What we get in the movie, directed by Alan Taylor from a script by “Sopranos” capo David Chase and Lawrence Konner, is two hours of reach exceeding grasp, a jumble of moments that often only toggle between the exasperating and repellent.
The movie opens with an evocative crane shot, that turns into a dolly shot, of a cemetery; the voices of the dead on a rainy afternoon crowd the soundtrack. One voice begins to take over: that of Christopher Moltisanti (Michael Imperioli, of the series, contributes his voice), who discusses his life and its end. “He choked me to death,” he says flatly about a key character from the series. This arguably teases the notion that here, you will find out why. At least if you don’t know the series. If you do know the series, you do know why. Or at least you know it takes place in a world where “whys” can be provisional, fleeting, flaky, in part because it’s a world of psychopaths, not to put too fine a point on it.
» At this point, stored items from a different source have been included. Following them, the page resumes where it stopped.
Lemma dual_along_iff h m p Yh :
  dual_along th h m q p Yh <->
  (forall t, vec_eq (Yh t) (orbit th q (dual_coords m p h) t)) /\
  constraint m p h.
Proof.
  pose proof (fun t => proj2 (vderiv_orbit _ _ t _ (psiF_orbit th q h)) (fun i _ => eq_refl))
    as Dpsi.
  rewrite <- lor_dual_psi_deriv_iff. split.
  - intros D.
    assert (HY : forall t, vec_eq (Yh t) (orbit th q (dual_coords m p h) t)).
    { intro t. destruct (D t) as (N & D1 & D2 & D3 & _ & DY).
      pose proof (orbit_surj (Yh t) t) as Ek.
      set (k := coords (Tmat (- t) (Yh t))) in Ek.
      assert (Hk : is_dual_coords (c_ th) q (/ a_ th) m p h k).
      { unfold is_dual_coords.
        rewrite <- (lor_orbits _ _ _ _ _ Ek Ek), <- (lor_orbits _ _ _ _ _ Ek (P1F_orbit th q m t)),
          <- (lor_orbits _ _ _ _ _ Ek (P2F_orbit th q p t)),
          <- (lor_orbits _ _ _ _ _ Ek (psiF_orbit th q h t)),
          <- (lor_orbits _ _ _ _ _ Ek (Ycurve_orbit th q t)).
        auto. }
      intros i Hi. rewrite (Ek i Hi). apply orbit_vec_eq, is_dual_coords_unique, Hk. }
    split; [exact HY|].
    destruct (D 0) as (_ & _ & _ & _ & Dp & _).
    rewrite <- (Dp _ (Dpsi 0)). symmetry.
    apply (lor_orbits _ _ _ _ 0); [apply HY | intros i _; reflexivity].
  - intros [HY K] t. destruct (coordDual_spec (c_ th) q (/ a_ th) m p h) as (N & D1 & D2 & D3 & DY).
    repeat split.
    + rewrite (lor_orbits _ _ _ _ _ (HY t) (HY t)). exact N.
    + rewrite (lor_orbits _ _ _ _ _ (HY t) (P1F_orbit th q m t)). exact D1.
    + rewrite (lor_orbits _ _ _ _ _ (HY t) (P2F_orbit th q p t)). exact D2.
    + rewrite (lor_orbits _ _ _ _ _ (HY t) (psiF_orbit th q h t)). exact D3.
    + intros dpsi Hd. rewrite <- K. apply (lor_orbits _ _ _ _ t); [apply HY|].
      exact (proj1 (vderiv_orbit _ _ t _ (psiF_orbit th q h)) Hd).
    + rewrite (lor_orbits _ _ _ _ _ (HY t) (Ycurve_orbit th q t)). exact DY.
Qed.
Is psychopathy hereditary? One can’t really say. One can say that both Dickie Moltisanti, Christopher’s father, and “Hollywood” Dick Moltisanti are guys with one if not more screws loose; brash, violent, impulsive men. “Hollywood” steps off a boat from Italy with a trophy wife maybe a third his age who catches younger Dickie’s eye, but one doesn’t make too much of it because one can’t really. Soon we’re getting a peek into a part of the family business, a numbers-running operation aided and abetted by some African-American hustlers, chief among them Leslie Odom, Jr.’s Harold. In a dispiriting early example of the all-caps EXPOSITIONAL dialogue, one character in an African-American home proclaims, “The numbers are the only way black folks got to get out of this sinkhole city.” Thanks for the tip.
As the series “The Sopranos” evolved, growing in smarts and refinement even before its first season concluded, its expansiveness allowed for more and more authorial detachment and performance nuance. The viewer was afforded the opportunity to step back and really feel the humanity of characters that persisted beyond the awful actions those characters so frequently committed. One of my favorite “Sopranos” moments is at the end of the seventh episode, in which Tony makes ice cream sundaes for himself and A.J. Aside from being a virtuosic bit of acting from James Gandolfini, there’s a powerful sense of affinity and restfulness here that makes the viewer understand there are some laudable values that Tony has some connection to. For now. There’s none of that in “Many Saints.” While the film strives, none too mightily, to establish a duality for Dickie Moltisanti, Alessandro Nivola’s performance in the role never catches enough of a groove to make such an idea signify.